Ba’do Katupat merupakan budaya yang telah mempersatukan penduduk minoritas
Jaton dengan penduduk mayoritas Minahasa yang sebelumnya tersegregasi secara
tajam di era kolonial. Saling berkunjung dan saling menghargai, telah menjadi
kerukunan di Minahasa pada umumnya dan Tondano pada khususnya. Tradisi ini dapat
diterima oleh etnik mayoritas Minahasa karena kearifan lokal nyatanya memuat nilai-
nilai universalitas yang melampaui sekat-sekat primordial. Dalam hal ini, telah terjadi
akulturasi antara budaya Jaton dan budaya Minahasa sehingga tercipta solidaritas,
keterbukaan, dan toleransi.
Meski upaya dekulturalisasi Islam masih terasa hingga saat ini oleh kelompok Islam
konservatif, karakter kebangsaan kita tampaknya masih terlampau kuat untuk runtuh.

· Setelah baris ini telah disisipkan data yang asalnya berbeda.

(* Expected value of f on the final graph of the process started from G,
   with k steps of fuel.  A cancelled addition leaves the graph unchanged and
   stays cancelled forever (adding edges only decreases the numbers of
   initial/terminal vertices), so the next effective addition is uniform
   among the addable edges. *)
Fixpoint expval (x y : nat) n (f : dgraph n -> rat) (k : nat) (G : dgraph n)
  : rat :=
  match k with
  | 0 => f G
  | k'.+1 =>
      if halted x y G then f G
      else (\sum_(e in addable x y G) expval x y f k' (e |: G))
             / (#|addable x y G|%:R)
  end.

(* Expectation over the final graph of the (x,y) process on n vertices;
   the process performs at most n(n-1)/2 < n*n additions, so fuel n*n
   suffices. *)
Definition expected_final (x y n : nat) (f : dgraph n -> rat) : rat :=
  expval x y f (n * n) set0.

Definition maxindeg n (G : dgraph n) : nat := \max_(v : 'I_n) indeg G v.
Definition maxoutdeg n (G : dgraph n) : nat := \max_(v : 'I_n) outdeg G v.

Definition bigTheta_n (u : nat -> rat) : Prop :=
  exists (c1 c2 : rat) (N : nat),
    0 < c1 /\ 0 < c2 /\
    forall n : nat, (N <= n)%N -> c1 * n%:R <= u n <= c2 * n%:R.
Arguments expected_final : clear implicits.

From mathcomp Require Import all_boot all_order all_algebra.
From mathcomp Require Import zify ring lra.
Set Implicit Arguments. Unset Strict Implicit. Unset Printing Implicit Defensive.
Import Order.TTheory GRing.Theory Num.Theory.

(* Upper bound: every degree is below n.  Lower bound for the in-degree, with
   n = m + 1 and [last] the vertex m: while no edge enters the prefix 0..x,
   these x + 1 vertices stay initial, so an edge (a, last) can only be refused
   when a is terminal and there are at most y terminal vertices.  Hence at
   least m - y - indeg last addable edges enter [last], while at most (x+1)^2
   enter the prefix.  With alpha = 1/((x+1)^2 + 1), the potential
   indeg last + alpha (m - y - indeg last) [prefix untouched] is then a
   submartingale of the process.  It starts at alpha (m - y) and ends below the
   maximum in-degree: a process halting with the prefix untouched has
   ninit > x, hence nothing addable, hence a nonpositive bonus.  Out-degrees reduce to in-degrees: reversing the vertex
   order and the edges maps the (x,y) process to the (y,x) process. *)

Lemma card_ord_ltn n j : (j <= n)%N -> #|[set v : 'I_n | (v < j)%N]| = j.
Proof.
move=> jn; have -> : [set v : 'I_n | (v < j)%N] = widen_ord jn @: 'I_j.
  apply/setP => v; rewrite inE; apply/idP/imsetP => [vj|[i _ ->]] /=.
    by exists (Ordinal vj) => //; apply: val_inj.
  exact: ltn_ord.
by rewrite card_imset ?card_ord // => i k /(congr1 val) /= /val_inj.
Qed.
(* For $0<\alpha\le\delta<\infty$, the space $P_{\alpha,\delta}=\{p\in\mathcal M_1^+: a(p)\in X_{\alpha,\delta}\}$, equipped with the metric induced by the total variation norm $\|p-q\|_1=\sum_k|p_k-q_k|$, is compact and convex.
   Context: $\mathcal M_1^+$ is the set of probability measures on $\mathbb N_0$, identified with nonnegative sequences summing to $1$. For $p\in\mathcal M_1^+$, $a(p)_k=\frac{1}{k+1}\sum_{\ell\ge k}\binom{\ell}{k}p_\ell\in[0,\infty]$. $X_{\alpha,\delta}$ is the set of real sequences $a=(a_k)_{k\ge0}$ with $a_0=1$, $a_1=\alpha$, $0\le a_k\le\delta^k$ for $k\ge2$. *)

From Stdlib Require Import Reals Lra List.
From Coquelicot Require Import Coquelicot.
Open Scope R_scope.

(* Probability measures on N_0, identified with nonnegative sequences summing to 1. *)
Definition prob (p : nat -> R) : Prop :=
  (forall k, 0 <= p k) /\ is_series p 1.

(* a(p)_k = 1/(k+1) * sum_{l >= k} C(l,k) p_l  in [0, +oo]
   (index l = j + k; the partial sums are nondecreasing for p >= 0,
    so Lim_seq is their supremum in Rbar). *)
Definition a_of (p : nat -> R) (k : nat) : Rbar :=
  Rbar_mult (Finite (/ (INR k + 1)))
    (Lim_seq (sum_n (fun j => Binomial.C (j + k)%nat k * p (j + k)%nat))).

Definition in_X (alpha delta : R) (a : nat -> Rbar) : Prop :=
  a 0%nat = Finite 1 /\ a 1%nat = Finite alpha /\
  (forall k, (2 <= k)%nat -> Rbar_le (Finite 0) (a k) /\ Rbar_le (a k) (Finite (delta ^ k))).

Definition P_ad (alpha delta : R) (p : nat -> R) : Prop :=
  prob p /\ in_X alpha delta (a_of p).

Definition l1ball (p : nat -> R) (eps : R) (q : nat -> R) : Prop :=
  exists s, is_series (fun k => Rabs (p k - q k)) s /\ s < eps.

Definition l1_open (U : (nat -> R) -> Prop) : Prop :=
  forall p, U p -> exists eps, 0 < eps /\ forall q, l1ball p eps q -> U q.

Definition l1_compact (S : (nat -> R) -> Prop) : Prop :=
  forall (I : Type) (U : I -> (nat -> R) -> Prop),
    (forall i, l1_open (U i)) ->
    (forall p, S p -> exists i, U i p) ->
    exists l : list I, forall p, S p -> exists i, In i l /\ U i p.

Definition convex_set (S : (nat -> R) -> Prop) : Prop :=
  forall p q t, S p -> S q -> 0 <= t <= 1 -> S (fun k => t * p k + (1 - t) * q k).

From Stdlib Require Import Reals Lra Lia FunctionalExtensionality PropExtensionality.
From Coquelicot Require Import Coquelicot.
From HB Require Import structures.
From mathcomp Require all_boot all_order all_algebra all_classical all_reals.
From mathcomp Require topology normedtype Rstruct Rstruct_topology.
Open Scope R_scope.
Lemma V_eq0_of_descent eta p :
  downhill J lam h eta p -> H (last eta p) < H eta -> V J lam h eta = 0.
Proof.
move=> dp lt_last; rewrite /V /Phi; set S := (X in inf X).
have S_lb : lbound S (H eta) by move=> m [q [_ _ ->]]; apply: path_max_ge.
have S_H : S (H eta).
  by exists p; split; [case/andP: dp | exact: lt_last | rewrite downhill_path_max].
apply/eqP; rewrite subr_eq0 eq_le; apply/andP; split.
- by apply: ge_inf S_H; exists (H eta).
- by apply: lb_le_inf; [exists (H eta) | ].
Qed.

End Paths.

Theorem lemma4p1 (R : realType) (lam h : R) :
  0 < lam -> 0 < h -> lam / 2 < h -> h < lam ->
  exists J0 : R, forall J : R, J0 < J ->
  forall L : nat, condC_arith J lam h L ->
  forall eta : config L,
    (exists i j : site L, [/\ nbr i j, spinv R (eta i) = 1 & spinv R (eta j) = -1]) ->
    (exists p : seq (config L),
        downhill J lam h eta p /\ H J lam h (last eta p) < H J lam h eta)
    /\ V J lam h eta = 0.
Proof.
move=> lam_gt0 h_gt0 _ _; exists (lam + h) => J hJ L _ eta [i [j [nij si sj]]].
have fij : frustrated R eta i j by rewrite /frustrated nij si sj mul1r eqxx.
have [c [c' /andP [fcc' lcc']]] := exists_loose_bond fij.
have drop := loose_flip_decreases lam_gt0 h_gt0 hJ fcc' lcc'.
have c_ne0 : eta c != spin0.
  apply: contraTneq fcc' => c0.
  by rewrite /frustrated c0 spin0E mul0r eq_sym oppr_eq0 oner_eq0 andbF.
have desc : downhill J lam h eta [:: upd eta c spin0].
  by rewrite /downhill /is_path /= adj_upd // (ltW drop).
split; first by exists [:: upd eta c spin0].
exact: V_eq0_of_descent desc drop.
Qed.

Kearifan lokal menjadi fondasi kuatnya identitas Islam di Nusantara. Kelenturan Islam
dengan budaya lokal ini adalah wujud substansi dari ajaran Islam era awal di mana
Islam merangkul tradisi lokal di Madinah dan memberi nuansa Islamis alih-alih
membuat jarak dam menjadi eksklusif.
Seorang antropolog Indonesia mengartikan ketupat sebagai salah satu simbol
solidaritas sosial dalam bentuk hubungan timbal balik. Hubungan timbal balik tersebut
berkaitan dengan kebiasaan saling memberi ketupat. Perilaku memberi menunjukkan
adanya hubungan timbal balik antara seseorang dengan orang lain. Perilaku tersebut
menandakan adanya hubungan sosial karena adanya kontak dan komunikasi dengan
orang lain sehingga akan menimbulkan rasa keterhubungan dan kesalingpercayaan.
Rasanya, prinsip dan esensi Islam menjadi lebih membumi ketika ia disampaikan
dengan bahasa-bahasa kultural seperti Lebaran Ketupat ini.